> [What to produce]: Below are lines of data; restate word for word those running from the line containing "Definition withdrawn (h" to the line containing "be a separable", inclusive, and no others.

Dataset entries
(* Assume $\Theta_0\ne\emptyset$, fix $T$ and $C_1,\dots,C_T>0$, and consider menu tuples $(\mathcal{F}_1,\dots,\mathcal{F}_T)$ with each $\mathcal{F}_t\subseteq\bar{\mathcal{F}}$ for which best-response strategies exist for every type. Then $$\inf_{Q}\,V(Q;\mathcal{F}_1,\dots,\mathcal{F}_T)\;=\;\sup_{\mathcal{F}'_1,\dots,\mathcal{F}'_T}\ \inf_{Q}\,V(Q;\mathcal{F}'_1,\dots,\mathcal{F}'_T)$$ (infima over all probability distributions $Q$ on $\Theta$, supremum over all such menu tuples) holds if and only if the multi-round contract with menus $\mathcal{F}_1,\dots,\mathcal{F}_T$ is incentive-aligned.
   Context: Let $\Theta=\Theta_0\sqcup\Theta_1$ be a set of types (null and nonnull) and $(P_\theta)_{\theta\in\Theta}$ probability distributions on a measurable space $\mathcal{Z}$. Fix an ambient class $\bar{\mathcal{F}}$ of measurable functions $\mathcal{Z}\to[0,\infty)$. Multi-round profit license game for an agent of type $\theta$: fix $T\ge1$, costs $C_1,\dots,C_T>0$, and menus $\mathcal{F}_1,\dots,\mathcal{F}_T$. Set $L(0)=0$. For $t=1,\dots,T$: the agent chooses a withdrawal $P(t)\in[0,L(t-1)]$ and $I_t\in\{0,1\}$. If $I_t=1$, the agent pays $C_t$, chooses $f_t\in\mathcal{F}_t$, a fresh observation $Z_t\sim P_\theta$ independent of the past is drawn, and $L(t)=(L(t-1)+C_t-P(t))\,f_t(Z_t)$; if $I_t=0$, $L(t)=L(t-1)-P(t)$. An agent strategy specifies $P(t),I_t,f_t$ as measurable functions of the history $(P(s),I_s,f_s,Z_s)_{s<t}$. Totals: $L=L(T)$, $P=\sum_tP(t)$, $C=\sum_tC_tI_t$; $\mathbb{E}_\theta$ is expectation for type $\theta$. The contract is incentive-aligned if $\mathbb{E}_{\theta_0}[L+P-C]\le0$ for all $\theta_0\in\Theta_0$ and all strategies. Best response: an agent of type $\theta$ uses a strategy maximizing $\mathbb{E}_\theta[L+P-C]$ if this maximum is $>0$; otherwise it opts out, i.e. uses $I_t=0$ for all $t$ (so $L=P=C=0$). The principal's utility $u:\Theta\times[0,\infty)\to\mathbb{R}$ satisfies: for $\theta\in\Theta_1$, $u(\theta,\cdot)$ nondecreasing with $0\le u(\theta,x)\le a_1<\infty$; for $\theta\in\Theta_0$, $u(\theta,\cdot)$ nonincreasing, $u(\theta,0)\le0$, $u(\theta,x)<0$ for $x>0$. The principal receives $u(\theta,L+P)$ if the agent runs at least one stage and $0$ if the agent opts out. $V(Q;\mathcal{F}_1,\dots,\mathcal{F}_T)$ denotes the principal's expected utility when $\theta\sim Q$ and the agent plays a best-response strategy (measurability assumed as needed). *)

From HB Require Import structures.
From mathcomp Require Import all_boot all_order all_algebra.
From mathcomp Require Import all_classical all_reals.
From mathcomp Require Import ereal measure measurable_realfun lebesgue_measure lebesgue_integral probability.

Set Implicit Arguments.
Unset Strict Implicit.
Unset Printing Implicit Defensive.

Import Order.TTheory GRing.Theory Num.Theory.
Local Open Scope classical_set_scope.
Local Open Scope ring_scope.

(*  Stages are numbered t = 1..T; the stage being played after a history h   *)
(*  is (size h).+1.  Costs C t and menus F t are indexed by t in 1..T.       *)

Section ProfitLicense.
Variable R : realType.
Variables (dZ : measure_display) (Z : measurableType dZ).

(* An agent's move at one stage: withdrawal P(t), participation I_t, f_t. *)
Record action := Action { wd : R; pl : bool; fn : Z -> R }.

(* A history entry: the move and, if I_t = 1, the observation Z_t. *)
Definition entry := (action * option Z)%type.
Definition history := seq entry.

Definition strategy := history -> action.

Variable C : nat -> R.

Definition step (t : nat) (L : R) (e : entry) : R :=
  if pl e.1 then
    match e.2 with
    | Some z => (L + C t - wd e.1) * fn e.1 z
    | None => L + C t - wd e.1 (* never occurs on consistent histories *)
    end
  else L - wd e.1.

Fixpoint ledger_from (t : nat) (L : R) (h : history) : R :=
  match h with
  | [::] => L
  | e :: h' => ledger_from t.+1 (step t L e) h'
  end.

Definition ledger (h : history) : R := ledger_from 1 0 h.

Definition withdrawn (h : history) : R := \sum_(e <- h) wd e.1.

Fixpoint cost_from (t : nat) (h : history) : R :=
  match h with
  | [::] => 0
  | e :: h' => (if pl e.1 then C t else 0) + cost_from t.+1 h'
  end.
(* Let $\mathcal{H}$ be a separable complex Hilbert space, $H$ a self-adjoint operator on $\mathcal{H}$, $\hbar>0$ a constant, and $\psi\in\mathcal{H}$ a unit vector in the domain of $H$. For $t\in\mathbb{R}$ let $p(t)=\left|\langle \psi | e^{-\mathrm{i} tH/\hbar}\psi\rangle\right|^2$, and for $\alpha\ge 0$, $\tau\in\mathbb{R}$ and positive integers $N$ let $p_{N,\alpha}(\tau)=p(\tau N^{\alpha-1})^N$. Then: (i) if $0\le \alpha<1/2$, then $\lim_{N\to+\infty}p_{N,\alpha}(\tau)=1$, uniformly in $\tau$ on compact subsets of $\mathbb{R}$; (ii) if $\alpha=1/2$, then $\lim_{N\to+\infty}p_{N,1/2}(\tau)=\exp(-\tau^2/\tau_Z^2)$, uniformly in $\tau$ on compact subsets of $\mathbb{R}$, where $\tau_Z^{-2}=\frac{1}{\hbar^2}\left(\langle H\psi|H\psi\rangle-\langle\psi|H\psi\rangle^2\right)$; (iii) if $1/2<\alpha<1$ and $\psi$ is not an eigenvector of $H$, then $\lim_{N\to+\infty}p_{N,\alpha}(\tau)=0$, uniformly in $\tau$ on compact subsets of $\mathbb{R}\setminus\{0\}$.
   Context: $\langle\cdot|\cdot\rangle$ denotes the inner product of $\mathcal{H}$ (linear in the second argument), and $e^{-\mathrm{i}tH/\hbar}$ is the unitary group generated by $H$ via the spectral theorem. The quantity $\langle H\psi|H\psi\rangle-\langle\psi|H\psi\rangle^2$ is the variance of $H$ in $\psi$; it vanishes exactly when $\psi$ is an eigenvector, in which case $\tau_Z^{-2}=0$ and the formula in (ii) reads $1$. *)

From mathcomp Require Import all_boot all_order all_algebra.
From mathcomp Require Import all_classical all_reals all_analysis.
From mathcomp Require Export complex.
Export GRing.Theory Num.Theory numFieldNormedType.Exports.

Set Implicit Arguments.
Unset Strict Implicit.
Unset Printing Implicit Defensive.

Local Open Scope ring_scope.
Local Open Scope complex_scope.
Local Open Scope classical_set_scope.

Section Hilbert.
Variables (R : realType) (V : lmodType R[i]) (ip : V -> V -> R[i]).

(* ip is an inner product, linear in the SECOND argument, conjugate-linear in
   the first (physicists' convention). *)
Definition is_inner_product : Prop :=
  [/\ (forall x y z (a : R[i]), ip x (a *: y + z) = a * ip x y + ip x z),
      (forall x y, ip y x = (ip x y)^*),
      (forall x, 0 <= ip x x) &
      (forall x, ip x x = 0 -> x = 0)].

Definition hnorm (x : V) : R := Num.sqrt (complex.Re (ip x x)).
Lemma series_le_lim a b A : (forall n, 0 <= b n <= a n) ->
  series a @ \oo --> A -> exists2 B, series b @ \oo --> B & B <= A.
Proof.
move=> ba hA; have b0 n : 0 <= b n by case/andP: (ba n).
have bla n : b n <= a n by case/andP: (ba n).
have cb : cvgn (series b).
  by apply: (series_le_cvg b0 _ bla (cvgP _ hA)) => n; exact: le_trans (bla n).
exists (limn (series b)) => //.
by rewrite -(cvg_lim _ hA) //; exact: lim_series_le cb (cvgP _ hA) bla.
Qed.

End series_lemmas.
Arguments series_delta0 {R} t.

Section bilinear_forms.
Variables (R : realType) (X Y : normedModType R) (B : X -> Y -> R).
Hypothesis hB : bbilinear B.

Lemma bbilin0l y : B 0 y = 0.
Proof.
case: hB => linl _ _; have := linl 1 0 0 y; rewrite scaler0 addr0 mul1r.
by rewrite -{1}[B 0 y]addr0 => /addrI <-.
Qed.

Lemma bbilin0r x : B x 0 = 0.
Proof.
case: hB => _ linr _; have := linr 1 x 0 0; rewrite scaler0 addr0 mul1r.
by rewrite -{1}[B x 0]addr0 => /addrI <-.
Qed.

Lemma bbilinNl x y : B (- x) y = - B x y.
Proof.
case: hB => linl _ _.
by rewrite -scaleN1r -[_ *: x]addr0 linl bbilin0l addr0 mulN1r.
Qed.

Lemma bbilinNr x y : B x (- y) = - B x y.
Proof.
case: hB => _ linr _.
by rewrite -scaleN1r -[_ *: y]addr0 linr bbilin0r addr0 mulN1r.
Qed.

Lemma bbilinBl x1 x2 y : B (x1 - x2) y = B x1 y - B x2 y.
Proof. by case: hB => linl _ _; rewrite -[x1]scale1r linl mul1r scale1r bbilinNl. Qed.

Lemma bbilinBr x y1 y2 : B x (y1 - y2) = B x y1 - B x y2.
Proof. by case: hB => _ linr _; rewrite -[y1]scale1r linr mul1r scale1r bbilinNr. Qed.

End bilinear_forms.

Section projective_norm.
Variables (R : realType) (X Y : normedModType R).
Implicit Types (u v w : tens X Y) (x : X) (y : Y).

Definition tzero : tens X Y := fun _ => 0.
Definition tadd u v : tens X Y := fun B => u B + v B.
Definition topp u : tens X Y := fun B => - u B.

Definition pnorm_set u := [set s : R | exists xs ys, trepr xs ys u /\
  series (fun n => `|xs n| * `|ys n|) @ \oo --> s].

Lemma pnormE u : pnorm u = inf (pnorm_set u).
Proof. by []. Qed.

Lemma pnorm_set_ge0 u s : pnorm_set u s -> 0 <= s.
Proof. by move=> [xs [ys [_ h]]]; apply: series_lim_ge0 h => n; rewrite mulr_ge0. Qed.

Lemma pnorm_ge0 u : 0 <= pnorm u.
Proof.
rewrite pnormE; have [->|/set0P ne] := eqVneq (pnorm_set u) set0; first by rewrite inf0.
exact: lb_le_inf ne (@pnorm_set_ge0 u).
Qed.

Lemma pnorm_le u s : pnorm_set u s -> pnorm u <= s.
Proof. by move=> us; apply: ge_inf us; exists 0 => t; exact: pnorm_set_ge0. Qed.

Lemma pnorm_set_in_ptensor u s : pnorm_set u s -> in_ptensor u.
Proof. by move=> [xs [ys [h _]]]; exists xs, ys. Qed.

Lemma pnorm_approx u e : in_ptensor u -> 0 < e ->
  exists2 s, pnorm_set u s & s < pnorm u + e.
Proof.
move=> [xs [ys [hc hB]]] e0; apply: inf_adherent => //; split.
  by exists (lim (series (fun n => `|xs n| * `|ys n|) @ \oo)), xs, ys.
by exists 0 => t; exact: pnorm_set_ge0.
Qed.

> [Finished task]:
Definition withdrawn (h : history) : R := \sum_(e <- h) wd e.1.

Fixpoint cost_from (t : nat) (h : history) : R :=
  match h with
  | [::] => 0
  | e :: h' => (if pl e.1 then C t else 0) + cost_from t.+1 h'
  end.
(* Let $\mathcal{H}$ be a separable complex Hilbert space, $H$ a self-adjoint operator on $\mathcal{H}$, $\hbar>0$ a constant, and $\psi\in\mathcal{H}$ a unit vector in the domain of $H$. For $t\in\mathbb{R}$ let $p(t)=\left|\langle \psi | e^{-\mathrm{i} tH/\hbar}\psi\rangle\right|^2$, and for $\alpha\ge 0$, $\tau\in\mathbb{R}$ and positive integers $N$ let $p_{N,\alpha}(\tau)=p(\tau N^{\alpha-1})^N$. Then: (i) if $0\le \alpha<1/2$, then $\lim_{N\to+\infty}p_{N,\alpha}(\tau)=1$, uniformly in $\tau$ on compact subsets of $\mathbb{R}$; (ii) if $\alpha=1/2$, then $\lim_{N\to+\infty}p_{N,1/2}(\tau)=\exp(-\tau^2/\tau_Z^2)$, uniformly in $\tau$ on compact subsets of $\mathbb{R}$, where $\tau_Z^{-2}=\frac{1}{\hbar^2}\left(\langle H\psi|H\psi\rangle-\langle\psi|H\psi\rangle^2\right)$; (iii) if $1/2<\alpha<1$ and $\psi$ is not an eigenvector of $H$, then $\lim_{N\to+\infty}p_{N,\alpha}(\tau)=0$, uniformly in $\tau$ on compact subsets of $\mathbb{R}\setminus\{0\}$.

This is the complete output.